INPUT DATA Start Marker

Lemma wrowA k : wrow k *m A = rth (- a - 1) d k *: wrow k + wrow k.+1.
Proof. by rewrite wrowS addrC subrK. Qed.

Lemma mulmx_RA_coord (v : 'rV[F]_d.+1) (l : 'I_d.+1) :
  (v *m A) 0 l = v 0 l * rth a d l + (if (l : nat) is l'.+1 then v 0 (inord l') else 0).
Proof.
rewrite !mxE; under eq_bigr do rewrite !mxE mulrDr.
rewrite big_split /=; congr (_ + _).
  rewrite (bigD1 l) //= eqxx big1 ?addr0 // => m hm.
  have hm' : ((l:nat) == m) = false by apply/negbTE; rewrite val_eqE eq_sym.
  by rewrite hm' mulr0.
case: l => [[|l'] hl] /=; first by rewrite big1 // => m _; rewrite mulr0.
have hl' : (l' < d.+1)%N by apply: ltnW.
rewrite (bigD1 (inord l')) //= inordK // eqxx mulr1 big1 ?addr0 // => m hm.
have -> : (l'.+1 == (m:nat).+1) = false.
  by apply/negbTE; rewrite eqSS; apply: contra hm => /eqP ->; rewrite inord_val.
by rewrite mulr0.
Qed.

Lemma wrow_coord k (l : 'I_d.+1) : (k <= d)%N -> (k <= l)%N ->
  wrow k 0 l = ((l : nat) == k)%:R.
Proof.
have coordB (u v : 'rV[F]_d.+1) x l' : (u - x *: v) 0 l' = u 0 l' - x * v 0 l'.
  by rewrite !mxE.
elim: k l => [l _ _|k IH l hk hl]; first by rewrite wrow0 erowE.
rewrite wrowS coordB mulmx_RA_coord !IH ?(ltnW hk) ?(ltnW hl) // (gtn_eqF hl).
rewrite mul0r add0r mulr0 subr0.
case: l hl => [[|l] hl] //= hkl.
by rewrite IH ?inordK // ltnW.
Qed.

Lemma wrow_neq0 : wrow d != 0.
Proof.
apply/eqP => /rowP /(_ ord_max); rewrite wrow_coord // mxE eqxx.
by apply/eqP; rewrite oner_eq0.
Qed.

Hypothesis two_neq0 : (2%:R : F) != 0.

Lemma rth_opp_rev l : (l <= d)%N -> rth (- a - 1) d l = rth a d (d - l).
Proof. by move=> hl; rewrite /rth /rhalf natrB //; field. Qed.

Lemma theta_poly_opp_full : theta_poly (- a - 1) d.+1 = theta_poly a d.+1.
Proof.
rewrite /theta_poly (reindex_inj rev_ord_inj); apply: eq_bigr => l _.
by rewrite /= subSS rth_opp_rev ?leq_subr // subKn // -ltnS.
Qed.

Lemma wrow_out k : (d < k)%N -> wrow k = 0.
Proof.
elim: k => [//|k IH]; rewrite ltnS leq_eqVlt => /orP[/eqP <-|hk].
  by rewrite wrowE theta_poly_opp_full erow0_theta_poly erow_out.
by rewrite wrowS IH // mul0mx scaler0 subr0.
Qed.

Lemma erow_theta_poly_opp m : (0 < m)%N ->
  erow m *m horner_mx A (theta_poly (- a - 1) d) = 0.
Proof.
case: m => [//|m] _.
have hornerM p q : horner_mx A (p * q) = horner_mx A p *m horner_mx A q := rmorphM _ p q.
rewrite -erow0_theta_poly -mulmxA -hornerM.
have -> : theta_poly a m.+1 * theta_poly (- a - 1) d =
    theta_poly (- a - 1) d.+1 * \prod_(i < m) ('X - (rth a d (lift ord0 i))%:P).
  rewrite /theta_poly big_ord_recl /= [LHS]mulrC mulrA; congr (_ * _).
  by rewrite [in RHS]big_ord_recr /= rth_opp_rev // subnn.
by rewrite hornerM mulmxA -wrowE wrow_out // mul0mx.
Qed.

(* The Racah relation for alpha, with C = delta - A - B and D = [A,B]/2
   substituted. *)
Local Ltac solve_entries :=
  apply/rowP => l; rewrite !mxE /rth /rths /rphi /rdelta /ralpha /rhalf /=; field; done.

Lemma RA_RB_cubic :
  A *m A *m B - 2%:R *: (A *m B *m A) + B *m A *m A - 2%:R *: (A *m B) - 2%:R *: (B *m A)
  = 2%:R *: (A *m A) - (2%:R * rdelta a b c d) *: A + (2%:R * ralpha)%:M.
Proof.
apply/row_matrixP => k; rewrite !rowE -erow_ord.
rewrite !mulmxDr ?mulmxBr ?mulmxN -!scalemxAr !mulmxA mul_mx_scalar.
case: k => [[|k] hk] /=;
  do ![rewrite ?erowA ?erowB ?mulmxDl ?mulmxBl ?mulNmx -?scalemxAl]; solve_entries.
Qed.

Lemma wrowB i : wrow i *m B = rths b d i *: wrow i + rphi (- a - 1) b c d i *: wrow i.-1.
Proof.
case: i => [|i]; first by rewrite wrow0 erowB !rphi0.
suff H : forall i,
    wrow i.+1 *m B = rths b d i.+1 *: wrow i.+1 + rphi (- a - 1) b c d i.+1 *: wrow i /\
    wrow i.+2 *m B = rths b d i.+2 *: wrow i.+2 + rphi (- a - 1) b c d i.+2 *: wrow i.+1.
  by case: (H i).
clear i; elim=> [|i [IH1 IH2]].
  split; rewrite !wrowS wrow0;
    do ![rewrite ?erowA ?erowB ?mulmxDl ?mulmxBl ?mulNmx -?scalemxAl];
    rewrite rphi0; solve_entries.
split=> //.
(* The cubic relation applied to w_(i+1) is linear in the unknown w_(i+3) B. *)
move: (congr1 (mulmx (wrow i.+1)) RA_RB_cubic).
rewrite !mulmxDr ?mulmxBr ?mulmxN -!scalemxAr !mulmxA mul_mx_scalar.
do ![rewrite ?wrowA ?IH1 ?IH2 ?mulmxDl ?mulmxBl ?mulNmx -?scalemxAl].
move: (wrow i.+3 *m B) => Z /eqP; rewrite -subr_eq0 => /eqP E.
apply/eqP; rewrite -subr_eq0; apply/eqP; rewrite -E.
solve_entries.
Qed.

INPUT DATA End Marker

Extract from the material all lines containing the string "mulNmx".

  do ![rewrite ?erowA ?erowB ?mulmxDl ?mulmxBl ?mulNmx -?scalemxAl]; solve_entries.
    do ![rewrite ?erowA ?erowB ?mulmxDl ?mulmxBl ?mulNmx -?scalemxAl];
do ![rewrite ?wrowA ?IH1 ?IH2 ?mulmxDl ?mulmxBl ?mulNmx -?scalemxAl].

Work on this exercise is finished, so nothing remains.